Each line of the data below from the one holding "Rlt_le, one_add_div_sqr_gt0; assumption. Qed." to the one holding "change (ff kappa", inclusive, is to be reproduced exactly; no other line belongs in the answer.

Stored data
■ ■ ■ ■ ■ ■ ■

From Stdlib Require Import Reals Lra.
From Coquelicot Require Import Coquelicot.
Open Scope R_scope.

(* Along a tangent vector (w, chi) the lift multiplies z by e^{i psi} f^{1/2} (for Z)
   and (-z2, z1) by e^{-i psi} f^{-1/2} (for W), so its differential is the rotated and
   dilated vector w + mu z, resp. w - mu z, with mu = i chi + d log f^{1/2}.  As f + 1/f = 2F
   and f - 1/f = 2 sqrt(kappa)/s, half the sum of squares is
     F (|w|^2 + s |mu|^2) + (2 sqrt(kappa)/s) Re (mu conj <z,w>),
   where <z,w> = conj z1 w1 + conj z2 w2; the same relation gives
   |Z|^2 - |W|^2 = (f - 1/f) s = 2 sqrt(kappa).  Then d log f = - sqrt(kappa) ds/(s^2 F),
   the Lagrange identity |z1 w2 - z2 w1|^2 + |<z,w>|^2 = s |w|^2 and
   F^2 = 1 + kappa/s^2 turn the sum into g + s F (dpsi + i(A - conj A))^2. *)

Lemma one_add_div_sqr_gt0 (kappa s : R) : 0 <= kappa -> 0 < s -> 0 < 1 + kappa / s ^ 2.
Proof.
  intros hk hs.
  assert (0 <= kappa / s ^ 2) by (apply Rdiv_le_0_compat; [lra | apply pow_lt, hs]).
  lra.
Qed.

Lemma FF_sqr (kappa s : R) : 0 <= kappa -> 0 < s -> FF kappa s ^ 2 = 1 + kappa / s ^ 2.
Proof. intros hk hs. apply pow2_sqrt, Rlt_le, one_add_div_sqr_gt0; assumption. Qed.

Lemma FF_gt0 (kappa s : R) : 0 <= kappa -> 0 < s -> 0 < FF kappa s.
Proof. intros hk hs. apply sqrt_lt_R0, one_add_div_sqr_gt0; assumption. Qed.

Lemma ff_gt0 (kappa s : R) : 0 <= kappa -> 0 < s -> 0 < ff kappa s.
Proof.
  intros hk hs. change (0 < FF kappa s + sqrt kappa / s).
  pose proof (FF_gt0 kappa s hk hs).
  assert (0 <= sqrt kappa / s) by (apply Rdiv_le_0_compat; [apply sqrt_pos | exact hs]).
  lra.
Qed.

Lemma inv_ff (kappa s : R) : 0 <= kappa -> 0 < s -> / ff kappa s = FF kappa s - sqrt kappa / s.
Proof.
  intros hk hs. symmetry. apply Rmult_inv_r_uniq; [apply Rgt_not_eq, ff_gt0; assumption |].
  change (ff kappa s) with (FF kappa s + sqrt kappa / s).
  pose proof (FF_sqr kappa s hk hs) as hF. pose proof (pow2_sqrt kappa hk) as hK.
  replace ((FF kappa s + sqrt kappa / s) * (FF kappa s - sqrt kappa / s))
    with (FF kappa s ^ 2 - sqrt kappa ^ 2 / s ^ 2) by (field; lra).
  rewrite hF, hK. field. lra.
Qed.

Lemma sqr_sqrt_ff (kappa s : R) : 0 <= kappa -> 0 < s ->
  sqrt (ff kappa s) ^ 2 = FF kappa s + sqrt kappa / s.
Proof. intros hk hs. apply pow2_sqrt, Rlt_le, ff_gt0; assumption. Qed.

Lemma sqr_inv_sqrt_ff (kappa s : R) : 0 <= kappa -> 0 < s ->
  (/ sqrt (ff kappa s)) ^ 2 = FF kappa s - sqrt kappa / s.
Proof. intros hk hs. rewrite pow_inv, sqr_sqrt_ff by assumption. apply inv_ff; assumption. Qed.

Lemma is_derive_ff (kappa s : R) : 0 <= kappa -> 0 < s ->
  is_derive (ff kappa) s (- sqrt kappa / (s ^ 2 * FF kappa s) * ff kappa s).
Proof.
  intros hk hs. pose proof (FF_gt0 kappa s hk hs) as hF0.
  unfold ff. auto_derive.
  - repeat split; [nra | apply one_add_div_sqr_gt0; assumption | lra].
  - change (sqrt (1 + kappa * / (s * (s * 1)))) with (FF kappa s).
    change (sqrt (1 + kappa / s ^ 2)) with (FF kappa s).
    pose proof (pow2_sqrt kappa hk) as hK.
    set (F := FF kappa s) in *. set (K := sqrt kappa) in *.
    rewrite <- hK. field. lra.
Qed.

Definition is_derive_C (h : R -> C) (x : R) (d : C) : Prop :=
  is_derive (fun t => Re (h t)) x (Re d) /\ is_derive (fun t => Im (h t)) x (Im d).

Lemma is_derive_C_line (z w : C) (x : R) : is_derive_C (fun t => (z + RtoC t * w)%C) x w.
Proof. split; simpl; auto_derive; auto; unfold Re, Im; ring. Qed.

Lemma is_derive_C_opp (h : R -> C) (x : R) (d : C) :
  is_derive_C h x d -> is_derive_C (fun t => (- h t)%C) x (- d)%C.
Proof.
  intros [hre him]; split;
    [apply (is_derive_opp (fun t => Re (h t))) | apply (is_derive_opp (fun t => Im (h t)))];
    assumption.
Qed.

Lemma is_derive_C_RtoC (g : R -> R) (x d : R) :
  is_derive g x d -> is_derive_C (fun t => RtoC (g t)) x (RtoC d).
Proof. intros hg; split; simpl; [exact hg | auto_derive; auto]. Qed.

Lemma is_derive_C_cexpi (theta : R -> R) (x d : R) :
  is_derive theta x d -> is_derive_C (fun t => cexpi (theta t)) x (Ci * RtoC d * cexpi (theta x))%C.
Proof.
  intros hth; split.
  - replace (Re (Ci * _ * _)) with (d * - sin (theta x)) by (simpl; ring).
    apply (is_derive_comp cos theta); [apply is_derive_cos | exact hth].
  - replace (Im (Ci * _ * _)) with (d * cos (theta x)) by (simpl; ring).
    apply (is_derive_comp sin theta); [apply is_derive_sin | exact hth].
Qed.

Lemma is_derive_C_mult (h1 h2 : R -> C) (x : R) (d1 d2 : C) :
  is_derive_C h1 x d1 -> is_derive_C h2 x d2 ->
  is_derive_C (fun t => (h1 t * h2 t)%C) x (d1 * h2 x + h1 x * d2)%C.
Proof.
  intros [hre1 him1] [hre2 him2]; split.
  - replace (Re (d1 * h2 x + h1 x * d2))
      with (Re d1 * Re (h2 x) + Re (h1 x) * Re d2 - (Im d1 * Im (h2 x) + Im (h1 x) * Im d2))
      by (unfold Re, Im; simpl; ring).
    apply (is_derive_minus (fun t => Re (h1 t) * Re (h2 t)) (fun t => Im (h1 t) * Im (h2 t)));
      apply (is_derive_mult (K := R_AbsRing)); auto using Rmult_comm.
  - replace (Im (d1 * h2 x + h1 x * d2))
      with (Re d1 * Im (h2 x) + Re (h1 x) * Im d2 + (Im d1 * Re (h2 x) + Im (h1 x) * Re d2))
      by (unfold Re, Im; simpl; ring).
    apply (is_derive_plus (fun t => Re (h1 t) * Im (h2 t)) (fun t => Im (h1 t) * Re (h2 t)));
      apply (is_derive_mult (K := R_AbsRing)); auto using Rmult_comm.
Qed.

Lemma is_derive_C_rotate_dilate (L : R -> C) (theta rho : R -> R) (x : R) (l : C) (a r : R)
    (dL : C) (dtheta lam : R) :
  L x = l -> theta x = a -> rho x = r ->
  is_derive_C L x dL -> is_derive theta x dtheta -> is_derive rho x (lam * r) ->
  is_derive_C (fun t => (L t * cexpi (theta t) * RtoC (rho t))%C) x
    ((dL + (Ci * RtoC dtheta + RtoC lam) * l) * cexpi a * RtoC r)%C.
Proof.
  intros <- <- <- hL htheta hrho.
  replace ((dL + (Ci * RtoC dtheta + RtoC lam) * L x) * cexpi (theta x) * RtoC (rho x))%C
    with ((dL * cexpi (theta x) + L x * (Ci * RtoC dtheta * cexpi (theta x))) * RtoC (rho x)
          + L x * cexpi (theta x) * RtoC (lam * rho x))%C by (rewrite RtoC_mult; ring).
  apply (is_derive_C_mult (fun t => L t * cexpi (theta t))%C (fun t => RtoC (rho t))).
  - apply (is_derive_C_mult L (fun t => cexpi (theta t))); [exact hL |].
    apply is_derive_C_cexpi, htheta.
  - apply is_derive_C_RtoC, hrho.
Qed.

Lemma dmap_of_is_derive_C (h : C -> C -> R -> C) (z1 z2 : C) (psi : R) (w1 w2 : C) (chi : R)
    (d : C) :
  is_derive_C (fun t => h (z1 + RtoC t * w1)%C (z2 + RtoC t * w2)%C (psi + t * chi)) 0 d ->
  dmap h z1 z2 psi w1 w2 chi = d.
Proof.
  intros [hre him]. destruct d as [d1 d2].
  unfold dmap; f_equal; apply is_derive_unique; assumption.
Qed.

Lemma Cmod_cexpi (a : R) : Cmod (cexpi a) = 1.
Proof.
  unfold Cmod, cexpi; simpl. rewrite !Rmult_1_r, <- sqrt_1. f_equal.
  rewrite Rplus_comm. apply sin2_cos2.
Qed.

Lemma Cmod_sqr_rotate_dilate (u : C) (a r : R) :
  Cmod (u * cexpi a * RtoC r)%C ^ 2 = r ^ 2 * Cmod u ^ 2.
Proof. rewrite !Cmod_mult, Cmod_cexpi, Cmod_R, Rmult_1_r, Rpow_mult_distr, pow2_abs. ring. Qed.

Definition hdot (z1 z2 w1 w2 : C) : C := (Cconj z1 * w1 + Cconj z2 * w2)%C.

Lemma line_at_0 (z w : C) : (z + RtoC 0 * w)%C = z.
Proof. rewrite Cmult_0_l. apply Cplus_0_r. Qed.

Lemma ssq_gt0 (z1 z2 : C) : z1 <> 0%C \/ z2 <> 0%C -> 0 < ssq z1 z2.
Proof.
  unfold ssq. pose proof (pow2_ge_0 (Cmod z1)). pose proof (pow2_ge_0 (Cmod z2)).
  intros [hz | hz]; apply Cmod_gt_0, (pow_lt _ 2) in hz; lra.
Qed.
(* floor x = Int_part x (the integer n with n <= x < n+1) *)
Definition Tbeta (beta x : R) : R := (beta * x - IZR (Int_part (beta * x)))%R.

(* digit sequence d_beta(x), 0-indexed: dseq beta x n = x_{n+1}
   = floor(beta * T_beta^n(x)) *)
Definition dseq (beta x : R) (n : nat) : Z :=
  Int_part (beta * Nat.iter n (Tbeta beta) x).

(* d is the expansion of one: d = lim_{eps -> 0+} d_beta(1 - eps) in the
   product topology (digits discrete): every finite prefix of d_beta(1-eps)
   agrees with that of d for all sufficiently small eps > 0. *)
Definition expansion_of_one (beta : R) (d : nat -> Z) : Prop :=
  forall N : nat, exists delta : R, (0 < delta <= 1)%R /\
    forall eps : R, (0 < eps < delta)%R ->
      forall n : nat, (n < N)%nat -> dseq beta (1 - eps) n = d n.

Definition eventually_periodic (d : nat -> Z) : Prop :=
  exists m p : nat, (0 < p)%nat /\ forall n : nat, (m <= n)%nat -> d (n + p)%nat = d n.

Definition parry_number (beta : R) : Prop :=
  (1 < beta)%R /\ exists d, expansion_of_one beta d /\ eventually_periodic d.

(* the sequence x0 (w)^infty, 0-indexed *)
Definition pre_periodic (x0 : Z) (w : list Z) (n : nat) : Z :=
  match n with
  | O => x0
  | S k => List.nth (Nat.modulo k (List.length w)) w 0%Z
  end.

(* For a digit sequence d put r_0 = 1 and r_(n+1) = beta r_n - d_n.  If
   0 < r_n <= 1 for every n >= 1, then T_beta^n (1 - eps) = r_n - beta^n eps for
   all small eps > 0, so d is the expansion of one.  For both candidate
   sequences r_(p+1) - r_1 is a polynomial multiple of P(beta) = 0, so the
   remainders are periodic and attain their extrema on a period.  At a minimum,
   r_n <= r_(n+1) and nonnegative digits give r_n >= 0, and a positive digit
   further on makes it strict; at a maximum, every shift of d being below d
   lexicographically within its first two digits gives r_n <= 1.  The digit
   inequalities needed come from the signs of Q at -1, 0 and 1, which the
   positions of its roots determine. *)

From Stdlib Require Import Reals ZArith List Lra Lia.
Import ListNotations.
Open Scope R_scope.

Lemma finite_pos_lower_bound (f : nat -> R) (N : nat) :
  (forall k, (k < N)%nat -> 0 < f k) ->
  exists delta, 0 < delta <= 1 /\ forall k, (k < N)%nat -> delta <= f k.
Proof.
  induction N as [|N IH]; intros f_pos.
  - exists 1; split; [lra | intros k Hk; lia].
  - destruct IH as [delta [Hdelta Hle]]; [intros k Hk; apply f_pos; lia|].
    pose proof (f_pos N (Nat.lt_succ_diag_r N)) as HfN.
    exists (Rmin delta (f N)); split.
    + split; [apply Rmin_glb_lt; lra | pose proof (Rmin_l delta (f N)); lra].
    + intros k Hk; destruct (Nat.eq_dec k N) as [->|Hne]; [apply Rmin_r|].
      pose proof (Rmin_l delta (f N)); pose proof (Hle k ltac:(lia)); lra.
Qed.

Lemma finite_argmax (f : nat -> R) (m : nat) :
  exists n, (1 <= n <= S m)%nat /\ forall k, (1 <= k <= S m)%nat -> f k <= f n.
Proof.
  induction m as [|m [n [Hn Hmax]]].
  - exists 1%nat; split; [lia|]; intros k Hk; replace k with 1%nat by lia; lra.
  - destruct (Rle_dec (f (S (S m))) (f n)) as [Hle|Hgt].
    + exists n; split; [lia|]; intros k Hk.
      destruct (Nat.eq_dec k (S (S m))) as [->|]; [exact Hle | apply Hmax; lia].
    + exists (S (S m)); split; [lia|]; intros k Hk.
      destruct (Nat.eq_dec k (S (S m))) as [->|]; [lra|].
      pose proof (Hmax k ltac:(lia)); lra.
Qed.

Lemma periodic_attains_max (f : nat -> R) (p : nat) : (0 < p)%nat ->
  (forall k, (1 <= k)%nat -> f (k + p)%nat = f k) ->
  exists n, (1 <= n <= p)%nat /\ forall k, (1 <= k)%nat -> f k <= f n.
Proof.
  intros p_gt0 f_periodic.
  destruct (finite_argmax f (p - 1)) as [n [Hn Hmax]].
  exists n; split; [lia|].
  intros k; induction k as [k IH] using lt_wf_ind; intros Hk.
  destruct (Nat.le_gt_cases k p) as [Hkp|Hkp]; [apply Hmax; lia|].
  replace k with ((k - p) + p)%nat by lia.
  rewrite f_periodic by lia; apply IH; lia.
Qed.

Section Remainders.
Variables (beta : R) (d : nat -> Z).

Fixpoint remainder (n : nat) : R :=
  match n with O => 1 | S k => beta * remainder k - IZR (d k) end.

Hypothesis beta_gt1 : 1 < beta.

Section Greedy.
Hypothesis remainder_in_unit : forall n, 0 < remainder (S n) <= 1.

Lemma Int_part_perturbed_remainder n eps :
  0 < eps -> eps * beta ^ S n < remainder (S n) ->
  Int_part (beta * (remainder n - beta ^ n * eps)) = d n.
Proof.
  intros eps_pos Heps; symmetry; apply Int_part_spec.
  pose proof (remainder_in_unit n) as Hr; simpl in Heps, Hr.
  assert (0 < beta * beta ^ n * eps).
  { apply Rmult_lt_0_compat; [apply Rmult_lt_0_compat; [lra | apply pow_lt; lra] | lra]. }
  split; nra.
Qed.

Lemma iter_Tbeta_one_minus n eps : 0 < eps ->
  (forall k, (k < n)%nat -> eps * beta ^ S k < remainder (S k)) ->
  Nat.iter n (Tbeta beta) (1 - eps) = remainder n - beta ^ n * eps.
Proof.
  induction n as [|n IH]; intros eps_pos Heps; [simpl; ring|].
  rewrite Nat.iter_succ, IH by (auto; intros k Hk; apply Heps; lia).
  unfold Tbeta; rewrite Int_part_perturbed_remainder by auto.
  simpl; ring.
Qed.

■ ■ ■ ■ ■ ■ ■

■ Response to the exercise
Proof. intros hk hs. apply pow2_sqrt, Rlt_le, one_add_div_sqr_gt0; assumption. Qed.

Lemma FF_gt0 (kappa s : R) : 0 <= kappa -> 0 < s -> 0 < FF kappa s.
Proof. intros hk hs. apply sqrt_lt_R0, one_add_div_sqr_gt0; assumption. Qed.

Lemma ff_gt0 (kappa s : R) : 0 <= kappa -> 0 < s -> 0 < ff kappa s.
Proof.
  intros hk hs. change (0 < FF kappa s + sqrt kappa / s).
  pose proof (FF_gt0 kappa s hk hs).
  assert (0 <= sqrt kappa / s) by (apply Rdiv_le_0_compat; [apply sqrt_pos | exact hs]).
  lra.
Qed.

Lemma inv_ff (kappa s : R) : 0 <= kappa -> 0 < s -> / ff kappa s = FF kappa s - sqrt kappa / s.
Proof.
  intros hk hs. symmetry. apply Rmult_inv_r_uniq; [apply Rgt_not_eq, ff_gt0; assumption |].
  change (ff kappa s) with (FF kappa s + sqrt kappa / s).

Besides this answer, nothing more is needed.